TASK GOAL:
The data below holds the lines to copy: everything from the line containing "(#|[set x in" to the line containing "rewrite (eq_bigr (fun", both ends included, set down exactly.
··········
(* Let $H=([n],E)$ be a hypergraph without loops. For $1\le a\le\#E$ and $b\in\mathbb{N}$ let $s(a,b)$ be the number of $a$-element subsets $S\subseteq E$ such that the hypergraph $([n],S)$ has exactly $b$ connected components (isolated vertices counting as components); set $s(0,n)=1$ and $s(0,b)=0$ for $b\ne n$. Write $T(b,i)=\sum_{c=0}^i(-1)^c\binom{i}{c}(i-c+2)^b$. Then for all $0\le i\le n$ and every $0\le m\le\#E$: \[f_i(\chi_H(k+1))=\sum_{a=0}^{\#E}(-1)^a\sum_{b=0}^n s(a,b)\,T(b,i),\] \[f_i(\chi_H(k+1))\le\sum_{a=0}^{m}(-1)^a\sum_{b=0}^n s(a,b)\,T(b,i)\quad\text{if $m$ is even},\] \[f_i(\chi_H(k+1))\ge\sum_{a=0}^{m}(-1)^a\sum_{b=0}^n s(a,b)\,T(b,i)\quad\text{if $m$ is odd}.\] Moreover, if $l=\min\{\#F: F\in E\}$ and $n-l+2\le i\le n$, then $f_i(\chi_H(k+1))=\sum_{j=0}^i(-1)^j\binom{i}{j}(i-j+2)^n$.
   Context: A hypergraph $H=([n],E)$ has edges that are nonempty subsets of $[n]$; ''without loops'' means no edge has cardinality 1; also no edge is properly contained in another. A proper $k$-coloring is a map $[n]\to[k]$ with no monochromatic edge; $\chi_H(k)$ is the number of proper $k$-colorings. For a polynomial $p(k)$ of degree at most $n$, its $f$-vector is defined by $p(k)=\sum_{i=0}^n f_i(p)\binom{k-1}{i}$, $f_{-1}=1$; here $f_i(\chi_H(k+1))$ refers to the polynomial $k\mapsto\chi_H(k+1)$. *)

From HB Require Import structures.
From mathcomp Require Import all_boot all_order all_algebra.
Set Implicit Arguments. Unset Strict Implicit. Unset Printing Implicit Defensive.
Import GRing.Theory Num.Theory.

Definition hypergraph_no_loops (n : nat) (E : {set {set 'I_n}}) : Prop :=
  [/\ (forall F, F \in E -> F != set0),
      (forall F, F \in E -> #|F| != 1%N)   &      (* no loops *)
      (forall F G, F \in E -> G \in E -> ~~ (F \proper G))].

Definition monochromatic (n k : nat) (c : {ffun 'I_n -> 'I_k}) (F : {set 'I_n}) : bool :=
  [exists j : 'I_k, [forall x in F, c x == j]].

Definition proper_coloring (n k : nat) (E : {set {set 'I_n}}) (c : {ffun 'I_n -> 'I_k}) : bool :=
  [forall F in E, ~~ monochromatic c F].

Definition chi (n : nat) (E : {set {set 'I_n}}) (k : nat) : nat :=
  #|[set c : {ffun 'I_n -> 'I_k} | proper_coloring E c]|.

(* f is the f-vector of the polynomial k |-> chi_H(k+1):
   chi_H(k+1) = sum_{i=0}^n f_i * binom(k-1, i)  (as polynomials in k,
   equivalently at all integers k >= 1). *)
Definition is_fvector_chi_shift (n : nat) (E : {set {set 'I_n}}) (f : nat -> int) : Prop :=
  forall k : nat, (1 <= k)%N ->
    ((chi E k.+1)%:Z = \sum_(i < n.+1) f i * ('C(k.-1, i))%:Z)%R.

Definition hadj (n : nat) (S : {set {set 'I_n}}) : rel 'I_n :=
  fun x y => [exists F in S, (x \in F) && (y \in F)].

Definition ncomp (n : nat) (S : {set {set 'I_n}}) : nat :=
  n_comp (hadj S) 'I_n.

Definition s_count (n : nat) (E : {set {set 'I_n}}) (a b : nat) : nat :=
  if a == 0%N then (b == n : nat)
  else #|[set S in powerset E | (#|S| == a) && (ncomp S == b)]|.

Definition T_coef (b i : nat) : int :=
  (\sum_(c < i.+1) (-1) ^+ c * ('C(i, c))%:Z * ((i - c + 2)%N)%:Z ^+ b)%R.

Definition partial_sum (n : nat) (E : {set {set 'I_n}}) (m i : nat) : int :=
  (\sum_(a < m.+1) (-1) ^+ a * \sum_(b < n.+1) (s_count E a b)%:Z * T_coef b i)%R.

From HB Require Import structures.
From mathcomp Require Import all_boot all_order all_algebra.
From mathcomp Require Import ring zify.
Set Implicit Arguments. Unset Strict Implicit. Unset Printing Implicit Defensive.
Import Order.TTheory GRing.Theory Num.Theory.
Local Open Scope ring_scope.

(* The key observation is that f_i(chi_H(k+1)) counts the proper colorings of
   H with the colors 0, ..., i+1 that use each of the "top" colors 2, ..., i+1
   (proper top colorings). *)

Lemma alternating_binomial_prefix (N m : nat) :
  \sum_(a < m.+1) (-1) ^+ a * ('C(N, a))%:Z =
  if N == 0%N then 1 else (-1) ^+ m * ('C(N.-1, m))%:Z.
Proof.
elim: m => [|m IHm]; first by rewrite big_ord1 /= !bin0; case: N.
rewrite big_ord_recr /= IHm; case: N {IHm} => [|N] /=.
  by rewrite bin0n mulr0 addr0.
rewrite binS PoszD exprS; ring.
Qed.

Lemma card_set_indicator (T : finType) (U : {set T}) (Q : pred T) :
  (#|[set x in U | Q x]|)%:Z = \sum_(x in U) (Q x : nat)%:Z.
Proof.
rewrite -sum1_card -natz natr_sum big_mkcond [RHS]big_mkcond /=.
by apply: eq_bigr => x _; rewrite inE; case: (x \in U); case: (Q x).
Qed.

Lemma sum_small_subsets (I : finType) (D : {set I}) (m : nat) (G : {set I} -> int) :
  \sum_(S in powerset D | (#|S| <= m)%N) G S =
  \sum_(a < m.+1) \sum_(S in powerset D | #|S| == a) G S.
Proof.
rewrite (partition_big (fun S : {set I} => (inord #|S| : 'I_m.+1)) xpredT) //=.
apply: eq_bigr => a _; apply: eq_bigl => S.
case: (S \in powerset D) => //=; case: (leqP #|S| m) => Sm /=.
  by rewrite -val_eqE /= inordK.
by apply/esym/negbTE/eqP => Sa; move: (ltn_ord a); rewrite -Sa ltnNge Sm.
Qed.

Lemma sum_small_subsets_by_size (I : finType) (D : {set I}) (m : nat) (F : nat -> int) :
  \sum_(S in powerset D | (#|S| <= m)%N) F #|S| =
  \sum_(a < m.+1) ('C(#|D|, a))%:Z * F a.
Proof.
rewrite sum_small_subsets; apply: eq_bigr => a _.
rewrite (eq_bigr (fun _ => F a)); last by move=> S /andP[_ /eqP ->].
rewrite (eq_bigl [in [set S in powerset D | #|S| == a]]); last by move=> S; rewrite inE.
rewrite sumr_const -cards_draws -mulr_natl natz; congr (Posz _ * _).
by apply: eq_card => S; rewrite !inE.
Qed.

Section Bonferroni.
Variables (T I : finType) (U : {set T}) (D : {set I}) (A : I -> T -> bool).

Definition meet_count (S : {set I}) : nat := #|[set x in U | [forall j in S, A j x]]|.

Definition avoid_count : nat := #|[set x in U | [forall j in D, ~~ A j x]]|.

Definition bonferroni_sum (m : nat) : int :=
  \sum_(S in powerset D | (#|S| <= m)%N) (-1) ^+ #|S| * (meet_count S)%:Z.

Definition events_at (x : T) : {set I} := [set j in D | A j x].

(* The error of the truncation, computed pointwise: a point x contributes the
   truncated alternating sum of the row #|events_at x| of Pascal's triangle. *)
Lemma bonferroni_error (m : nat) :
  bonferroni_sum m - (avoid_count)%:Z =
  \sum_(x in U) (if #|events_at x| == 0%N then 0
                 else (-1) ^+ m * ('C(#|events_at x|.-1, m))%:Z).
Proof.
rewrite /bonferroni_sum (eq_bigr (fun S : {set I} => \sum_(x in U)
    (-1) ^+ #|S| * ([forall j in S, A j x] : nat)%:Z)); last first.
  by move=> S _; rewrite card_set_indicator mulr_sumr.
rewrite exchange_big /= /avoid_count card_set_indicator -sumrB.
apply: eq_bigr => x _.
have sub_events (S : {set I}) : (S \subset events_at x) = (S \subset D) && [forall j in S, A j x].
  apply/subsetP/andP => [SJ|[/subsetP SD /forall_inP SA] j Sj].
    by split; [apply/subsetP|apply/forall_inP] => j /SJ; rewrite inE => /andP[].
  by rewrite inE SD ?SA.
have avoid_all : [forall j in D, ~~ A j x] = (#|events_at x| == 0%N).
  rewrite cards_eq0; apply/forall_inP/eqP => [nA|J0 j Dj].
    by apply/setP => j; rewrite !inE; case Dj: (j \in D); rewrite // (negbTE (nA j Dj)).
  by apply/negP => Aj; have := in_set0 j; rewrite -J0 inE Dj Aj.
have restrict : \sum_(S in powerset D | (#|S| <= m)%N)
      (-1) ^+ #|S| * ([forall j in S, A j x] : nat)%:Z =
    \sum_(S in powerset (events_at x) | (#|S| <= m)%N) (-1) ^+ #|S|.
  rewrite big_mkcond [RHS]big_mkcond; apply: eq_bigr => S _.
  rewrite !powersetE sub_events.
  by case: (S \subset D); case: [forall j in S, A j x]; case: (_ <= _)%N;
    rewrite /= ?mulr1 ?mulr0.
rewrite avoid_all restrict sum_small_subsets_by_size.
under eq_bigr do rewrite mulrC.
by rewrite alternating_binomial_prefix; case: eqP; rewrite ?subrr ?subr0.
Qed.

Lemma bonferroni_exact (m : nat) : (#|D| <= m)%N -> bonferroni_sum m = avoid_count.
Proof.
move=> Dm; apply/eqP; rewrite -subr_eq0 bonferroni_error; apply/eqP.
apply: big1 => x _; case: eqP => // events_nonempty; rewrite bin_small ?mulr0 //.
have /subset_leq_card : events_at x \subset D by apply/subsetP => j; rewrite inE => /andP[].
lia.
Qed.

Lemma bonferroni_upper (m : nat) : ~~ odd m -> (avoid_count)%:Z <= bonferroni_sum m.
Proof.
move=> m_even; rewrite -subr_ge0 bonferroni_error; apply: sumr_ge0 => x _.
by case: ifP => // _; rewrite -signr_odd (negbTE m_even) expr0 mul1r.
Qed.

Lemma bonferroni_lower (m : nat) : odd m -> bonferroni_sum m <= (avoid_count)%:Z.
Proof.
move=> m_odd; rewrite -subr_le0 bonferroni_error; apply: sumr_le0 => x _.
by case: ifP => // _; rewrite -signr_odd m_odd expr1 mulN1r oppr_le0.
Qed.

End Bonferroni.

Definition colors_used (b y : nat) (d : {ffun 'I_b -> 'I_y}) : {set 'I_y} :=
  [set d x | x : 'I_b].

Definition count_colorings (b y : nat) (Q : pred {set 'I_y}) : nat :=
  #|[set d : {ffun 'I_b -> 'I_y} | Q (colors_used d)]|.
Arguments count_colorings : clear implicits.

Definition edges_mono (n y : nat) (S : {set {set 'I_n}}) (c : {ffun 'I_n -> 'I_y}) : bool :=
  [forall F in S, monochromatic c F].

Lemma monochromaticP (n y : nat) (c : {ffun 'I_n -> 'I_y}) (F : {set 'I_n}) :
  (0 < y)%N ->
  reflect {in F &, forall u v, c u = c v} (monochromatic c F).
Proof.
move=> y_gt0; apply: (iffP existsP) => [[j /forall_inP cF] u v Fu Fv|c_const].
  by rewrite (eqP (cF u Fu)) (eqP (cF v Fv)).
case: (pickP [in F]) => [x0 Fx0|F0].
  by exists (c x0); apply/forall_inP => v Fv; rewrite (c_const v x0).
by exists (Ordinal y_gt0); apply/forall_inP => v; rewrite F0.
Qed.

(* Colorings monochromatic on the edges of S are exactly the colorings of the
   connected components of ([n], S): we transport colorings along the
   enumeration of the component representatives (roots). *)
Section ComponentColorings.
Variables (n y : nat) (S : {set {set 'I_n}}).
Hypothesis y_gt0 : (0 < y)%N.

Local Notation adj := (hadj S).

Lemma hadj_sym : symmetric adj.
Proof.
by move=> x z; apply/existsP/existsP => -[F /andP[SF /andP[Fx Fz]]];
  exists F; rewrite SF Fx Fz.
Qed.

Let adj_connect_sym : connect_sym adj := sym_connect_sym hadj_sym.

Definition comp_roots : {set 'I_n} := [set x | roots adj x].

Lemma ncomp_roots : ncomp S = #|comp_roots|.
Proof. by rewrite /ncomp /n_comp_mem; apply: eq_card => x; rewrite !inE andbT. Qed.

Lemma root_in_comp_roots (x : 'I_n) : fingraph.root adj x \in comp_roots.
Proof. by rewrite inE roots_root. Qed.

Definition comp_index (x : 'I_n) : 'I_#|comp_roots| :=
  enum_rank_in (root_in_comp_roots x) (fingraph.root adj x).

Lemma comp_indexK (x : 'I_n) : enum_val (comp_index x) = fingraph.root adj x.
Proof. by rewrite /comp_index enum_rankK_in ?root_in_comp_roots. Qed.

Lemma comp_index_val (j : 'I_#|comp_roots|) : comp_index (enum_val j) = j.
Proof.
apply: enum_val_inj; rewrite comp_indexK.
by have := enum_valP j; rewrite inE => /eqP.
Qed.

Lemma edges_mono_connect (c : {ffun 'I_n -> 'I_y}) (x z : 'I_n) :
  edges_mono S c -> connect adj x z -> c x = c z.
Proof.
move=> /forall_inP c_mono /connectP[p adj_p ->] {z}.
elim: p x adj_p => [|z p IHp] x //= /andP[/existsP[F /andP[SF /andP[Fx Fz]]] adj_p].
by rewrite -(IHp z adj_p); apply: (monochromaticP _ _ y_gt0 (c_mono F SF)).
Qed.

Definition pullback (d : {ffun 'I_#|comp_roots| -> 'I_y}) : {ffun 'I_n -> 'I_y} :=
  [ffun x => d (comp_index x)].

Lemma pullback_inj : injective pullback.
Proof.
move=> d1 d2 eq_d; apply/ffunP => j.
have := congr1 (fun c : {ffun 'I_n -> 'I_y} => c (enum_val j)) eq_d.
by rewrite !ffunE comp_index_val.
Qed.

Lemma colors_used_pullback (d : {ffun 'I_#|comp_roots| -> 'I_y}) :
  colors_used (pullback d) = colors_used d.
Proof.
apply/setP => v; apply/imsetP/imsetP => -[x _ ->]; rewrite ?ffunE.
  by exists (comp_index x).
by exists (enum_val x); rewrite // ffunE comp_index_val.
Qed.

Lemma edges_mono_pullback (d : {ffun 'I_#|comp_roots| -> 'I_y}) :
  edges_mono S (pullback d).
Proof.
apply/forall_inP => F SF; apply/(monochromaticP _ _ y_gt0) => u v Fu Fv.
rewrite !ffunE; congr (d _); apply: enum_val_inj; rewrite !comp_indexK.
by apply/(fingraph.rootP adj_connect_sym)/connect1/existsP; exists F; rewrite SF Fu Fv.
Qed.

Lemma edges_mono_pullbackP (c : {ffun 'I_n -> 'I_y}) :
  edges_mono S c -> c = pullback [ffun j => c (enum_val j)].
Proof.
move=> c_mono; apply/ffunP => x; rewrite !ffunE comp_indexK.
exact/(edges_mono_connect c_mono)/connect_root.
Qed.

Lemma card_edges_mono (Q : pred {set 'I_y}) :
  #|[set c : {ffun 'I_n -> 'I_y} | edges_mono S c && Q (colors_used c)]| =
  count_colorings (ncomp S) y Q.
Proof.
rewrite ncomp_roots /count_colorings -(card_imset _ pullback_inj).
apply: eq_card => c; rewrite inE; apply/andP/imsetP => [[c_mono Qc]|[d]].
  exists [ffun j => c (enum_val j)]; last exact: edges_mono_pullbackP.
  by rewrite inE -colors_used_pullback -edges_mono_pullbackP.
by rewrite inE => Qd ->; rewrite edges_mono_pullback colors_used_pullback.
Qed.

End ComponentColorings.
··········
ANSWER TO THIS PROBLEM:
  (#|[set x in U | Q x]|)%:Z = \sum_(x in U) (Q x : nat)%:Z.
Proof.
rewrite -sum1_card -natz natr_sum big_mkcond [RHS]big_mkcond /=.
by apply: eq_bigr => x _; rewrite inE; case: (x \in U); case: (Q x).
Qed.

Lemma sum_small_subsets (I : finType) (D : {set I}) (m : nat) (G : {set I} -> int) :
  \sum_(S in powerset D | (#|S| <= m)%N) G S =
  \sum_(a < m.+1) \sum_(S in powerset D | #|S| == a) G S.
Proof.
rewrite (partition_big (fun S : {set I} => (inord #|S| : 'I_m.+1)) xpredT) //=.
apply: eq_bigr => a _; apply: eq_bigl => S.
case: (S \in powerset D) => //=; case: (leqP #|S| m) => Sm /=.
  by rewrite -val_eqE /= inordK.
by apply/esym/negbTE/eqP => Sa; move: (ltn_ord a); rewrite -Sa ltnNge Sm.
Qed.

Lemma sum_small_subsets_by_size (I : finType) (D : {set I}) (m : nat) (F : nat -> int) :
  \sum_(S in powerset D | (#|S| <= m)%N) F #|S| =
  \sum_(a < m.+1) ('C(#|D|, a))%:Z * F a.
Proof.
rewrite sum_small_subsets; apply: eq_bigr => a _.
rewrite (eq_bigr (fun _ => F a)); last by move=> S /andP[_ /eqP ->].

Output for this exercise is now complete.